Required action ->
Among the lines below, restate word for word only those from the line with "[&& ab.1 \in" through the line with "let tau := rho :\: sigmaj in", with both end lines kept.
====== Provided records ======
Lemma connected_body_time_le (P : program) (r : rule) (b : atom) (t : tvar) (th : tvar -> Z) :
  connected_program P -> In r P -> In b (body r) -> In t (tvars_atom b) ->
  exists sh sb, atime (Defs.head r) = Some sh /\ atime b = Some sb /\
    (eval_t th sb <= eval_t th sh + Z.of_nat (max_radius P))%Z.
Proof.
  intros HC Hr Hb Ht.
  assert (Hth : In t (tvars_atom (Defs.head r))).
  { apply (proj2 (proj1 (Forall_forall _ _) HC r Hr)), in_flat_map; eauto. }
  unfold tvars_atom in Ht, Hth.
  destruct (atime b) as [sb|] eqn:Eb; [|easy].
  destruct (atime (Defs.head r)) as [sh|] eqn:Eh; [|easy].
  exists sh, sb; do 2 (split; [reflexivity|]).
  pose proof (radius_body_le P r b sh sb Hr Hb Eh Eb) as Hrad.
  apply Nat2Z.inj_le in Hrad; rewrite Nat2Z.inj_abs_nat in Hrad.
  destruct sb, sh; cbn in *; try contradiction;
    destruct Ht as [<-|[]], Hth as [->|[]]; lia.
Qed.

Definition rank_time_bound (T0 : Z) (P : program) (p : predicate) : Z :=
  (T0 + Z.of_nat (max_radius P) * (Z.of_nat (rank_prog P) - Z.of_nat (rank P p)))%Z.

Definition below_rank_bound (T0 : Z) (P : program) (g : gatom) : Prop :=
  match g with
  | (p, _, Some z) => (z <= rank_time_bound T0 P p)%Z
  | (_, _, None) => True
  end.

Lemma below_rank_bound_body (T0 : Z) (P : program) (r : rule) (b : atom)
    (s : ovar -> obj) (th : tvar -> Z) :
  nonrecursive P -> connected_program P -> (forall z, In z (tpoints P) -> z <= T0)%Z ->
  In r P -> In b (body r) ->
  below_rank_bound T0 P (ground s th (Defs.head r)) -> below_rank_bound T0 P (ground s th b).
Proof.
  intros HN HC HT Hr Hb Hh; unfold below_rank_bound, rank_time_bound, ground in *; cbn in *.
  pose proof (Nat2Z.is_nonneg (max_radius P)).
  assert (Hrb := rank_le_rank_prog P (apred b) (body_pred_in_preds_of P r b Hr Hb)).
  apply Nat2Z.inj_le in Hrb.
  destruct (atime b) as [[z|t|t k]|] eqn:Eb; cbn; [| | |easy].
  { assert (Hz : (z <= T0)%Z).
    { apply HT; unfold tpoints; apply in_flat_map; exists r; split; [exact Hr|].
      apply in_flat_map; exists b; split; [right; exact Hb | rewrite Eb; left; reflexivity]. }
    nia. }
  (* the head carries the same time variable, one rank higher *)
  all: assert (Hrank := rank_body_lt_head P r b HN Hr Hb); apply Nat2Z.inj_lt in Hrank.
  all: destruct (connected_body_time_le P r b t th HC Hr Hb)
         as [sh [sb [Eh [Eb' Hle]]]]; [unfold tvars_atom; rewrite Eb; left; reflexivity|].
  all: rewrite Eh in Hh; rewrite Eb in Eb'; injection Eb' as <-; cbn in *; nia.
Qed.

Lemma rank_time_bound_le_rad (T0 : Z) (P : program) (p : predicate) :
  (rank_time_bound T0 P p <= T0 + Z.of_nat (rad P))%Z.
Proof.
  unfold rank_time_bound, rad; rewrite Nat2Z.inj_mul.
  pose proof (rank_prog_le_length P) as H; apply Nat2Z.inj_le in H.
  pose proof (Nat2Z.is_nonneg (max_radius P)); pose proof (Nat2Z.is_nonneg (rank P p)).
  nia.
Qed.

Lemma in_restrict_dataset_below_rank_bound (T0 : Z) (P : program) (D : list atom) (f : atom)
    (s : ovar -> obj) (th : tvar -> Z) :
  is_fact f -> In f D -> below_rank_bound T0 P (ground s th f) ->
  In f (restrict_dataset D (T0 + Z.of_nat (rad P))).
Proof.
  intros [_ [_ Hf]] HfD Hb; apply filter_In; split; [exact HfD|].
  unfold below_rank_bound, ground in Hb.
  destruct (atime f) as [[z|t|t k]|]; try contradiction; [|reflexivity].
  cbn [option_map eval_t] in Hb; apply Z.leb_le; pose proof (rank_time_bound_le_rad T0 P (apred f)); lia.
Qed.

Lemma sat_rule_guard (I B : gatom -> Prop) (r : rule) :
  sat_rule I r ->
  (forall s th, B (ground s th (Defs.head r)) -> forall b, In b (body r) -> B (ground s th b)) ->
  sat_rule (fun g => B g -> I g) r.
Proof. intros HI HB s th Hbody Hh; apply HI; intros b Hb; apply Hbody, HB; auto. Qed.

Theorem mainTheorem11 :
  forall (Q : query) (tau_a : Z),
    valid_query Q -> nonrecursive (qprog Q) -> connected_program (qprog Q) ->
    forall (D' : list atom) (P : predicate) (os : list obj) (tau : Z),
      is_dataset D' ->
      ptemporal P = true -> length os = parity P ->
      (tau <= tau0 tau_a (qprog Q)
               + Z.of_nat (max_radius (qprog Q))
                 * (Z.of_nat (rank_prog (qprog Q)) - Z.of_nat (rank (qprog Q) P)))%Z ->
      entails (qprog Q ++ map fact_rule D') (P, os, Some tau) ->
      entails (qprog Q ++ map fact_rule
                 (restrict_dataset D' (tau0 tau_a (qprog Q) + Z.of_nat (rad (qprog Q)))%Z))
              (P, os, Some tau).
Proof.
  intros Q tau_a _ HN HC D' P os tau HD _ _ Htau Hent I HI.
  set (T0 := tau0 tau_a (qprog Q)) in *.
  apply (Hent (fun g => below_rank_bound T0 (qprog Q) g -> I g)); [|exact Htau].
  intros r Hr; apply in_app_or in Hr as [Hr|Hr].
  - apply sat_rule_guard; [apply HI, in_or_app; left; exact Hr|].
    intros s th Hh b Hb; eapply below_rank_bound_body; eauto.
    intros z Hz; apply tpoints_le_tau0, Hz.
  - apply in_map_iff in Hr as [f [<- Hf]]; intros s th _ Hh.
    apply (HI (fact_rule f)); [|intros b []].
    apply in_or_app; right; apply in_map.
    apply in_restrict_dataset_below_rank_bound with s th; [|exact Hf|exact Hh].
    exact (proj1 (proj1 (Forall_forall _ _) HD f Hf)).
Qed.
======
====== Provided records ======
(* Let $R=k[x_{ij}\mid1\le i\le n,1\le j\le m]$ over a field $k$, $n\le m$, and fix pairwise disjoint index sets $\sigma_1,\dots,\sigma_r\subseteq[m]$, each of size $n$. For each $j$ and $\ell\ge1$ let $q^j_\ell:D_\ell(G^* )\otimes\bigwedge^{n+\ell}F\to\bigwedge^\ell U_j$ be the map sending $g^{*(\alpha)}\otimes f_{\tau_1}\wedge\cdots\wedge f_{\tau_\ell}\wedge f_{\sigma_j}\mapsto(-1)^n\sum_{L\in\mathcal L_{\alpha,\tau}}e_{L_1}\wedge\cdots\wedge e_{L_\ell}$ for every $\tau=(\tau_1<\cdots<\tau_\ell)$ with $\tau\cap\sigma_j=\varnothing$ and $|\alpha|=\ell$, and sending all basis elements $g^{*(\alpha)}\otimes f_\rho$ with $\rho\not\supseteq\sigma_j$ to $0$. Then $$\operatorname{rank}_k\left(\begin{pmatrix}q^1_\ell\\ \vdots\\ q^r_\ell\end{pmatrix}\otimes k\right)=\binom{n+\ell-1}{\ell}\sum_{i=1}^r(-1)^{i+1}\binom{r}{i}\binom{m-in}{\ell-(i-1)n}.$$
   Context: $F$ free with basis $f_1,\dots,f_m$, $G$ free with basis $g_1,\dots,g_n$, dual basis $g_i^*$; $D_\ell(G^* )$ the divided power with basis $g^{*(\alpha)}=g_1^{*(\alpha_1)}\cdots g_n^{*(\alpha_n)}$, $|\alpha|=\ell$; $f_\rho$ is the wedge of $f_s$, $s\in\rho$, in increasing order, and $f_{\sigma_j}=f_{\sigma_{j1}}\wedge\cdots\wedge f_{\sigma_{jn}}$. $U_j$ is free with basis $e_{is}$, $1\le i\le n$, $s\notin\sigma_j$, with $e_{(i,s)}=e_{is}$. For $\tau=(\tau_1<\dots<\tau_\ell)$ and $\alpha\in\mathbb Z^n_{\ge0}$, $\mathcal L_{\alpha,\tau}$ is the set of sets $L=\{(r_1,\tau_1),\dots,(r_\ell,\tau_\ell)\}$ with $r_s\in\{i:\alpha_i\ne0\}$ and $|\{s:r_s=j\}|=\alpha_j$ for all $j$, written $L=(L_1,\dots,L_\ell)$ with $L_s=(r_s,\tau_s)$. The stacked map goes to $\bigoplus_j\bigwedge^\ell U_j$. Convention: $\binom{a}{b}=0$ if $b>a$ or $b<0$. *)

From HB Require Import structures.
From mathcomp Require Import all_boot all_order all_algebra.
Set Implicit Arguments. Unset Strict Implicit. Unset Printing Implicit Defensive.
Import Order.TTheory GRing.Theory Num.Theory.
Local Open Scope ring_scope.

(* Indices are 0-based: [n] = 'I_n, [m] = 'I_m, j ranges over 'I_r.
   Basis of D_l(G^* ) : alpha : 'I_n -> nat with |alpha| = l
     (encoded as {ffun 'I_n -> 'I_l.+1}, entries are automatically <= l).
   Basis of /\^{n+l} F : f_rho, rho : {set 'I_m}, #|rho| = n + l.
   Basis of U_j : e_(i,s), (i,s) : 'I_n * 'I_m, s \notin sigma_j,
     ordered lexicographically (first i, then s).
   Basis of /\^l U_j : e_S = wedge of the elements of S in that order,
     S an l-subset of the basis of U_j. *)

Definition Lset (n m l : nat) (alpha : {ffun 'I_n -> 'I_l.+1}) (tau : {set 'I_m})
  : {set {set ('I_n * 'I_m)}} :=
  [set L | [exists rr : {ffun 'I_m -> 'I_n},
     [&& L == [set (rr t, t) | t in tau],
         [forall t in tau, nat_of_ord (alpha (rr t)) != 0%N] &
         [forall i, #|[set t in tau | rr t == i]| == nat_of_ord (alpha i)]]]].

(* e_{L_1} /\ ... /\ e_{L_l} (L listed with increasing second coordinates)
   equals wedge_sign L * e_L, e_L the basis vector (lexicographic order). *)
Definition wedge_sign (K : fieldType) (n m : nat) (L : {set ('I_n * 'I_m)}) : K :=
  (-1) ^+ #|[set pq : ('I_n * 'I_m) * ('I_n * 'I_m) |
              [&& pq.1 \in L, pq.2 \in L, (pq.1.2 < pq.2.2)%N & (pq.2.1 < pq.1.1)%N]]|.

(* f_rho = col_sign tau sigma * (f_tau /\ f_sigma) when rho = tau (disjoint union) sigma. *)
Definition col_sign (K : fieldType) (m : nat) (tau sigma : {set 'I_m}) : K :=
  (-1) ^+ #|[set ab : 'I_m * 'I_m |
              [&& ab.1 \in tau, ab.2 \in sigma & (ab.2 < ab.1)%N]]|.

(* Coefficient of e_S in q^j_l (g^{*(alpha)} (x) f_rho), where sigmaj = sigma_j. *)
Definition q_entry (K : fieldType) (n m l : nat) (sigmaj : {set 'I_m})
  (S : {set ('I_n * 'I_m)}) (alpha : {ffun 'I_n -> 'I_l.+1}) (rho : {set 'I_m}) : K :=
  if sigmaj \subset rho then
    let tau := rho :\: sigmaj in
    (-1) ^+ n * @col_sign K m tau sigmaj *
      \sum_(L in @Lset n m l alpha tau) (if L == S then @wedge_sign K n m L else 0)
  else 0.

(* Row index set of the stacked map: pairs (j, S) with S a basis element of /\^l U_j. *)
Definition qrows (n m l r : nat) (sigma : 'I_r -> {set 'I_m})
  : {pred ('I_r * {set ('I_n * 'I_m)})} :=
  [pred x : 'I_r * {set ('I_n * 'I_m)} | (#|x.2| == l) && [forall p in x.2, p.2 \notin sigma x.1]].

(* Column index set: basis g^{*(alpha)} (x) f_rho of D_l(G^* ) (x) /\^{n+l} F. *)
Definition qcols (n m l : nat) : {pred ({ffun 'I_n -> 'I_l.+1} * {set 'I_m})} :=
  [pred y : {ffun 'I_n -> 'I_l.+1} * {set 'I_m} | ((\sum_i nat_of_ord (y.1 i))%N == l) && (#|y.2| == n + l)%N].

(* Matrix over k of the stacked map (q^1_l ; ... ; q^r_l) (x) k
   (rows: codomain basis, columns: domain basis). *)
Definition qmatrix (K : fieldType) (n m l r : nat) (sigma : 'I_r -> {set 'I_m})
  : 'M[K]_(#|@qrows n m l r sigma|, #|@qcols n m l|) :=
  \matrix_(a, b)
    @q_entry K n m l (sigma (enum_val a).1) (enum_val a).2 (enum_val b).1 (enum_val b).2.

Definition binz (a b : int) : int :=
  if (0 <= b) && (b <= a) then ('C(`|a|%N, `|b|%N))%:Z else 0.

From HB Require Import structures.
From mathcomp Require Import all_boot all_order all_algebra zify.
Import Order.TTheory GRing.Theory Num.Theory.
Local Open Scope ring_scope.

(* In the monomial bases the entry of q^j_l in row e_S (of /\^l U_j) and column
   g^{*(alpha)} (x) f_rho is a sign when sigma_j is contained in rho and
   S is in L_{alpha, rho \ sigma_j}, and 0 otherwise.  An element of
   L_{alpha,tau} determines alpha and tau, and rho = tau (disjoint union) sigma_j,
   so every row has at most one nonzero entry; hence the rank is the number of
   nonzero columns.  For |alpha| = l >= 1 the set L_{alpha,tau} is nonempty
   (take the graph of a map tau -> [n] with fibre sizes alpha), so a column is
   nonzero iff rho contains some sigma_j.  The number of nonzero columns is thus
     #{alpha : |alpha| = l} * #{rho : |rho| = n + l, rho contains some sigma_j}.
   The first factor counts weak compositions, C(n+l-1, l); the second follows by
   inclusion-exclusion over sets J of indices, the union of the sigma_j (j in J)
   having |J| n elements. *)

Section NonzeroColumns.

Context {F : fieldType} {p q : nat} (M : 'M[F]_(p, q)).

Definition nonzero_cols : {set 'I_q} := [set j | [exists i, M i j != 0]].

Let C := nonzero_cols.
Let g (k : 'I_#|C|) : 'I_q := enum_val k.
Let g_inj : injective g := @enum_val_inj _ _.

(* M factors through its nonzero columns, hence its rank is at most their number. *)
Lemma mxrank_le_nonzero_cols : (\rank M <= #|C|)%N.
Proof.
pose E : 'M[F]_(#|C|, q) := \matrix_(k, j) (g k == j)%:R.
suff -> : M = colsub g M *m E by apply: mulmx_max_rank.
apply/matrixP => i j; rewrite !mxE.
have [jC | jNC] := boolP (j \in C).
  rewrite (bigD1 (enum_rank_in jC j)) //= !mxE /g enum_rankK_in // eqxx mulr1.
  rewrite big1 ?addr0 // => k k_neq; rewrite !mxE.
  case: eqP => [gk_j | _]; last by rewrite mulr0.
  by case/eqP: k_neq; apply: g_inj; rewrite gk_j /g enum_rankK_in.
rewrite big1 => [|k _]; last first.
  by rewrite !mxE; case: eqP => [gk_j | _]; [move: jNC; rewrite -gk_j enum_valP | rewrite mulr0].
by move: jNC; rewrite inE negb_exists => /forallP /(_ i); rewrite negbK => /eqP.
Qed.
======
Task output ->
              [&& ab.1 \in tau, ab.2 \in sigma & (ab.2 < ab.1)%N]]|.

(* Coefficient of e_S in q^j_l (g^{*(alpha)} (x) f_rho), where sigmaj = sigma_j. *)
Definition q_entry (K : fieldType) (n m l : nat) (sigmaj : {set 'I_m})
  (S : {set ('I_n * 'I_m)}) (alpha : {ffun 'I_n -> 'I_l.+1}) (rho : {set 'I_m}) : K :=
  if sigmaj \subset rho then
    let tau := rho :\: sigmaj in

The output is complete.